I had to learn what friendship is. Because when I was in addiction, friendships didn’t exist. I was getting used and I was using people to get what I wanted
— Bernard West
“She said - when I was ready - to give her a ring. I went over to my sister’s and went through stages of psychosis in my sister’s and then re-engaged with Coolmine.”
He could see a cycle emerging. A number of years previously, the mother of his children said if he relapsed again that would be the end of their relationship. After this relapse, his eldest daughter told him the same.
“When I had to tell my daughter I was going back into treatment, she said, ‘If you relapse again, it’s over. I don’t want to see you again.’ So I saw history repeating itself and I had to break that cycle,” he adds.
Despite that desire to recover, returning to Coolmine wasn’t easy. “It was very very hard coming back this time. Because of embarrassment, feeling I’d let people down, it was all internal stuff.”

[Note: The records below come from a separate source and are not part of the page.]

Variables (H : Hilbert) (HL HO : nat -> Hilbert) (C C' S : BOp H H).
Variables (Lam : forall j, BOp H (HL j)) (Lamadj : forall j, BOp (HL j) H).
Variables (Om : forall j, BOp H (HO j)) (Omadj : forall j, BOp (HO j) H).
Hypothesis hLam : forall j, is_adjoint (Lam j) (Lamadj j).
Hypothesis hOm : forall j, is_adjoint (Om j) (Omadj j).
Hypothesis hSpos : positive_op S.
Hypothesis hSL : forall j f,
  hinner (Lam j (C f)) (Lam j (C' f)) = hinner (Lam j (S f)) (Lam j (S f)).
Hypothesis hSO : forall j f,
  hinner (Om j (C f)) (Om j (C' f)) = hinner (Om j (S f)) (Om j (S f)).
Variables (fr : forall j, nat -> HL j) (I : nat -> nat -> bool).
Variables (gr : forall j, nat -> HO j) (Q : nat -> nat -> bool).
Variables (alpha beta alpha' beta' m M : R).
Hypothesis hfr : forall j, is_frame (fr j) (I j) alpha beta.
Hypothesis hgr : forall j, is_frame (gr j) (Q j) alpha' beta'.
Hypothesis m_le : m <= alpha /\ m <= alpha'.
Hypothesis M_ge : beta <= M /\ beta' <= M.

Definition woven_coeffs (sigma : nat -> bool) (f : H) (j : nat) : nat -> R :=
  if sigma j
  then sum_in (I j) (fun k => Cnorm2 (hinner f (S (Lamadj j (fr j k)))))
  else sum_in (Q j) (fun k => Cnorm2 (hinner f (S (Omadj j (gr j k))))).

(* The terms of the woven controlled series are squared norms. *)
Lemma weave_nonneg (sigma : nat -> bool) (f : H) (j : nat) :
  0 <= weave Lam Om C C' sigma f j.
Proof. unfold weave; destruct (sigma j); [rewrite hSL | rewrite hSO]; apply hinner_pos. Qed.

Lemma woven_coeffs_bounds (sigma : nat -> bool) (f : H) (j : nat) :
  series_between (woven_coeffs sigma f j)
                 (m * weave Lam Om C C' sigma f j) (M * weave Lam Om C C' sigma f j).
Proof.
  pose proof (weave_nonneg sigma f j) as hw.
  unfold woven_coeffs, weave in *; destruct (sigma j).
  - rewrite hSL in *.
    apply (series_between_widen _ _ _ _ _
             (Rmult_le_compat_r _ _ _ hw (proj1 m_le))
             (Rmult_le_compat_r _ _ _ hw (proj1 M_ge))).
    exact (frame_pullback _ _ _ _ _ _ _ f (hLam j) hSpos (hfr j)).
  - rewrite hSO in *.
    apply (series_between_widen _ _ _ _ _
             (Rmult_le_compat_r _ _ _ hw (proj2 m_le))
             (Rmult_le_compat_r _ _ _ hw (proj2 M_ge))).
    exact (frame_pullback _ _ _ _ _ _ _ f (hOm j) hSpos (hgr j)).
Qed.

End LocalEstimate.
(* Let $D$ be an integral domain, $\star$ a semistar operation on $D$, $T$ an overring of $D$ and $\star'$ a semistar operation on $T$; write $\ell=\ell_{\star,T}$. Then: (1) $\ell$ is a stable semistar operation on $T$; (2) if $T$ is $(\star,\star')$-linked to $D$, then $\ell\le\widetilde{\star'}\le\star'_f$; in particular $T$ is $(\ell,\star')$-linked to $T$; (3) $T$ is $(\star,\ell)$-linked to $D$; in particular $D$ is $(\star,\tilde\star)$-linked to $D$; (4) $\ell$ is of finite type on $T$ and $\widetilde{\ell}=\ell$; (5) $\ell$ is the unique minimal element of the set $\{\ast_f:\ \ast$ a semistar operation on $T$ such that $T$ is $(\star,\ast)$-linked to $D\}$; (6) $T$ is $(\star,\star')$-linked to $D$ if and only if $T$ is $(\ell,\star')$-linked to $T$; (7) $T$ is $(\star,\star')$-linked to $D$ if and only if $\ell\le\star'_f$.
   Context: Let $D$ be an integral domain with quotient field $K$. $\overline{\mathbf F}(D)$ denotes the set of all nonzero $D$-submodules of $K$ and $\mathbf f(D)$ the set of nonzero finitely generated $D$-submodules of $K$. A semistar operation on $D$ is a map $\star:\overline{\mathbf F}(D)\to\overline{\mathbf F}(D)$, $E\mapsto E^\star$, such that for all $0\ne x\in K$ and $E,F\in\overline{\mathbf F}(D)$: (1) $(xE)^\star=xE^\star$; (2) $E\subseteq F\Rightarrow E^\star\subseteq F^\star$; (3) $E\subseteq E^\star$ and $(E^\star)^\star=E^\star$. $\star_1\le\star_2$ means $E^{\star_1}\subseteq E^{\star_2}$ for all $E$. $\star$ is stable if $(E\cap F)^\star=E^\star\cap F^\star$ for all $E,F$. $\star_f$ is defined by $E^{\star_f}=\bigcup\{F^\star:F\in\mathbf f(D),F\subseteq E\}$; $\star$ is of finite type if $\star=\star_f$. A nonzero ideal $I$ of $D$ is a quasi-$\star$-ideal if $I^\star\cap D=I$; a quasi-$\star$-prime is a prime quasi-$\star$-ideal; a quasi-$\star$-maximal ideal is a maximal element among proper quasi-$\star$-ideals; $\mathcal M(\star_f)$ is the set of quasi-$\star_f$-maximal ideals, and $E^{\tilde\star}=\bigcap\{ED_Q:Q\in\mathcal M(\star_f)\}$ (equal to $K$ if $\mathcal M(\star_f)=\emptyset$). An overring of $D$ is a ring $T$ with $D\subseteq T\subseteq K$; all notions are defined analogously on $T$. $T$ is $(\star,\star')$-linked to $D$ if for every nonzero finitely generated ideal $F\subseteq D$ with $F^\star=D^\star$ one has $(FT)^{\star'}=T^{\star'}$. The semistar operation $\ell_{\star,T}$ on $T$ is defined by $E^{\ell_{\star,T}}=\bigcap\{ET_{D\setminus P}: P$ a quasi-$\star_f$-prime ideal of $D\}$ for $E\in\overline{\mathbf F}(T)$ (equal to $K$ if there are none). *)

(* All rings live inside a fixed field K (the quotient field). *)
From mathcomp Require Import all_boot all_algebra.
Set Implicit Arguments. Unset Strict Implicit. Unset Printing Implicit Defensive.
Import GRing.Theory.
Local Open Scope ring_scope.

[ Drug taskforces turning addicts away amid a 400% increase in crack cocaine useOpens in new window ]
As part of Coolmine’s treatment programme, individuals are encouraged to be self-sufficient and to be part of something bigger.
Vegetables are grown there, which are then used in the kitchen. There is a Shetland pony named Buttercup, goats and chickens. The chickens are housed in a coop made by the residents, who are also in the process of constructing an outhouse for the other animals.
Residents also make eco-friendly candles, wax melts and soap from the lavender and honey they grow and make at Coolmine Lodge, with the end product being sold in Aldi stores. The charity says the purpose of these activities is to help give the men a “place in the world”.
West enjoyed horticulture during his time in Coolmine Lodge. Tending and nurturing the tomato plants allowed him to work on his ability to take responsibility; caring for chickens helped him work on relationships, an area with which he was struggling.
Later, he worked in laundry and admin, teaching him to spend time with his thoughts and to fulfil responsibilities. He then took on a voluntary role as a hepatitis C peer support worker at Coolmine.
Now, more than five years in recovery, West has his life back. Leaving Coolmine after that last bout of treatment was terrifying. West was afraid of falling back into bad habits. He was, he says, “scared sh*tless”.
But his life changed for the better. He has mended relationships with family members, now works as a peer support worker in a Dublin hospital, to help those with hepatitis C, and is able to spend more time with his daughters.
[ Number of men admitted to treatment for cocaine addiction at rehab centre doublesOpens in new window ]
“I also have friendships. I never knew what a friendship was. I had to learn what friendship is. Because when I was in addiction, friendships didn’t exist. I was getting used and I was using people to get what I wanted,” he says.
The difference this time when he left Coolmine, he says, is he “wanted to stay alive”. He has gotten back all that he had lost. This is what motivates him to remain on that path of sobriety.
“Recovery is all about finding myself. It’s about finding my purpose. I’ve found that now.”